(* Let $\{A_i\}_{i\in I}$ be a family of groups and $F=*_{i\in I}A_i$ their free product. Then for every $j\in\mathbb{N}$, $\mathrm{Tor}_j(F)$ equals the normal closure in $F$ of $\bigcup_{i\in I}\mathrm{Tor}_j(A_i)$, and the natural map $*_{i\in I}\big(A_i/\mathrm{Tor}_j(A_i)\big)\to F/\mathrm{Tor}_j(F)$ is an isomorphism. Furthermore $\mathrm{Tor}_\infty(F)$ equals the normal closure in $F$ of $\bigcup_{i\in I}\mathrm{Tor}_\infty(A_i)$, and the natural map $*_{i\in I}\big(A_i/\mathrm{Tor}_\infty(A_i)\big)\to F/\mathrm{Tor}_\infty(F)$ is an isomorphism.
   Context: For a group $G$, define $\mathrm{Tor}_0(G)=\{e\}$ and inductively $\mathrm{Tor}_{i+1}(G)$ to be the normal closure in $G$ of $\{g\in G : g\,\mathrm{Tor}_i(G)\text{ has finite order in } G/\mathrm{Tor}_i(G)\}$; set $\mathrm{Tor}_\infty(G)=\bigcup_{i\in\mathbb{N}}\mathrm{Tor}_i(G)$. Each $A_i$ is regarded as a subgroup of $F$ via the natural embedding. *)

From Stdlib Require Import Arith.

Record group := Group {
  carrier :> Type;
  gmul : carrier -> carrier -> carrier;
  gone : carrier;
  ginv : carrier -> carrier;
  gmulA : forall x y z, gmul x (gmul y z) = gmul (gmul x y) z;
  gmul1l : forall x, gmul gone x = x;
  gmul1r : forall x, gmul x gone = x;
  gmulVl : forall x, gmul (ginv x) x = gone;
  gmulVr : forall x, gmul x (ginv x) = gone
}.
Arguments gmul {g}.
Arguments gone {g}.
Arguments ginv {g}.

Record hom (G H : group) := Hom {
  hom_fun :> G -> H;
  hom_mul : forall x y, hom_fun (gmul x y) = gmul (hom_fun x) (hom_fun y)
}.
Arguments hom_fun {G H}.

Fixpoint gpow {G : group} (x : G) (n : nat) : G :=
  match n with 0 => gone | S m => gmul x (gpow x m) end.

Definition is_normal_subgroup (G : group) (N : G -> Prop) : Prop :=
  N gone /\
  (forall x y, N x -> N y -> N (gmul x y)) /\
  (forall x, N x -> N (ginv x)) /\
  (forall g x, N x -> N (gmul (gmul g x) (ginv g))).

Definition normal_closure (G : group) (S : G -> Prop) : G -> Prop :=
  fun x => forall N, is_normal_subgroup G N -> (forall s, S s -> N s) -> N x.

(* Tor_0 = {e}; Tor_{i+1} = normal closure of the elements whose image in
   G/Tor_i has finite order, i.e. g^n \in Tor_i for some n >= 1. *)
Fixpoint Tor (G : group) (i : nat) : G -> Prop :=
  match i with
  | 0 => fun x => x = gone
  | S k => normal_closure G (fun g => exists n, 0 < n /\ Tor G k (gpow g n))
  end.

Definition Tor_inf (G : group) : G -> Prop := fun x => exists i, Tor G i x.

Definition IsFreeProduct {I : Type} (A : I -> group) (F : group)
  (iota : forall i, hom (A i) F) : Prop :=
  forall (H : group) (f : forall i, hom (A i) H),
    exists phi : hom F H,
      (forall i a, phi (iota i a) = f i a) /\
      (forall psi : hom F H, (forall i a, psi (iota i a) = f i a) ->
         forall x, psi x = phi x).

Definition IsQuotient (G : group) (N : G -> Prop) (Q : group) (pi : hom G Q) : Prop :=
  (forall q, exists x, pi x = q) /\ (forall x, pi x = gone <-> N x).

Definition bijective_hom {G H : group} (f : hom G H) : Prop :=
  (forall x y, f x = f y -> x = y) /\ (forall y, exists x, f x = y).

Definition union_image {I : Type} {A : I -> group} {F : group}
  (iota : forall i, hom (A i) F) (T : forall i, A i -> Prop) : F -> Prop :=
  fun y => exists i a, T i a /\ y = iota i a.

Definition free_product_compat {I : Type} (A : I -> group) (F : group)
  (iota : forall i, hom (A i) F) (T : forall G : group, G -> Prop) : Prop :=
  (forall x, T F x <-> normal_closure F (union_image iota (fun i => T (A i))) x) /\
  (forall (Q : I -> group) (pi : forall i, hom (A i) (Q i))
          (P : group) (kappa : forall i, hom (Q i) P)
          (R : group) (rho : hom F R) (phi : hom P R),
     (forall i, IsQuotient (A i) (T (A i)) (Q i) (pi i)) ->
     IsFreeProduct Q P kappa ->
     IsQuotient F (T F) R rho ->
     (forall i a, phi (kappa i (pi i a)) = rho (iota i a)) ->
     bijective_hom phi).

(* Let F = *_i A_i and let N_i be normal subgroups of the factors.  Write
   N = ncl_F (U_i iota_i(N_i)).  The heart of the proof is the torsion lemma:
   if g^n lies in N for some n >= 1, then g lies in the normal closure of the
   images of the elements of the A_i that are torsion modulo N_i.  It is the
   familiar fact "torsion in a free product is conjugate into a factor",
   applied to F/N = *_i (A_i/N_i) and proved with van der Waerden's normal
   forms: F acts on reduced words of *_i (A_i/N_i), N acts trivially, and a
   reduced word is recovered as the image of the empty word; a word whose first
   and last letters lie in different factors then has no power in N, while
   otherwise conjugation shortens it. *)

From Stdlib Require Import Arith Lia List.
From Stdlib Require Import ClassicalEpsilon FunctionalExtensionality
  PropExtensionality ProofIrrelevance.

Arguments gmulA {g}.
Arguments gmul1l {g}.
Arguments gmul1r {g}.
Arguments gmulVl {g}.
Arguments gmulVr {g}.
Arguments hom_mul {G H}.

Section GroupFacts.
Variable G : group.
Implicit Types x y z : G.

Lemma mul_left_cancel x y z : gmul x y = gmul x z -> y = z.
Proof.
  intro E. rewrite <- (gmul1l y), <- (gmul1l z), <- (gmulVl x), <- !gmulA, E.
  reflexivity.
Qed.

Lemma inv_unique x y : gmul x y = gone -> ginv x = y.
Proof. intro E. apply (mul_left_cancel x). rewrite gmulVr, E. reflexivity. Qed.

Lemma inv_inv x : ginv (ginv x) = x.
Proof. apply inv_unique, gmulVl. Qed.

Lemma inv_mul x y : ginv (gmul x y) = gmul (ginv y) (ginv x).
Proof.
  apply inv_unique. rewrite gmulA, <- (gmulA x y), gmulVr, gmul1r, gmulVr.
  reflexivity.
Qed.

Lemma inv_one : ginv (@gone G) = gone.
Proof. apply inv_unique, gmul1l. Qed.

Lemma mulKV x y : gmul x (gmul (ginv x) y) = y.
Proof. rewrite gmulA, gmulVr, gmul1l. reflexivity. Qed.

Lemma mulVK x y : gmul (ginv x) (gmul x y) = y.
Proof. rewrite gmulA, gmulVl, gmul1l. reflexivity. Qed.

Lemma gpow_conj h x n :
  gpow (gmul (gmul h x) (ginv h)) n = gmul (gmul h (gpow x n)) (ginv h).
Proof.
  induction n as [|n IH]; simpl.
  - rewrite gmul1r, gmulVr. reflexivity.
  - rewrite IH, <- !gmulA, mulVK. reflexivity.
Qed.

Lemma gpow_1 x : gpow x 1 = x.
Proof. apply gmul1r. Qed.

End GroupFacts.

(* Normalises a group expression: right-associates products and cancels
   adjacent inverse pairs. *)
Ltac group_simpl :=
  repeat rewrite ?inv_mul, ?inv_inv, ?inv_one, <- ?gmulA, ?mulKV, ?mulVK,
    ?gmulVr, ?gmulVl, ?gmul1l, ?gmul1r.
Ltac group_simpl_in H :=
  repeat rewrite ?inv_mul, ?inv_inv, ?inv_one, <- ?gmulA, ?mulKV, ?mulVK,
    ?gmulVr, ?gmulVl, ?gmul1l, ?gmul1r in H.

Section HomFacts.
Variables (G H : group) (f : hom G H).

Lemma hom_one : f gone = gone.
Proof.
  apply (mul_left_cancel _ (f gone)). rewrite <- hom_mul, !gmul1r. reflexivity.
Qed.

Lemma hom_inv x : f (ginv x) = ginv (f x).
Proof.
  symmetry. apply inv_unique. rewrite <- hom_mul, gmulVr. apply hom_one.
Qed.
====================
__ASSIGNMENT__. Some lines in the material contain "elements". Show all of them.

__THE ANSWER__.
(* Tor_0 = {e}; Tor_{i+1} = normal closure of the elements whose image in
   images of the elements of the A_i that are torsion modulo N_i.  It is the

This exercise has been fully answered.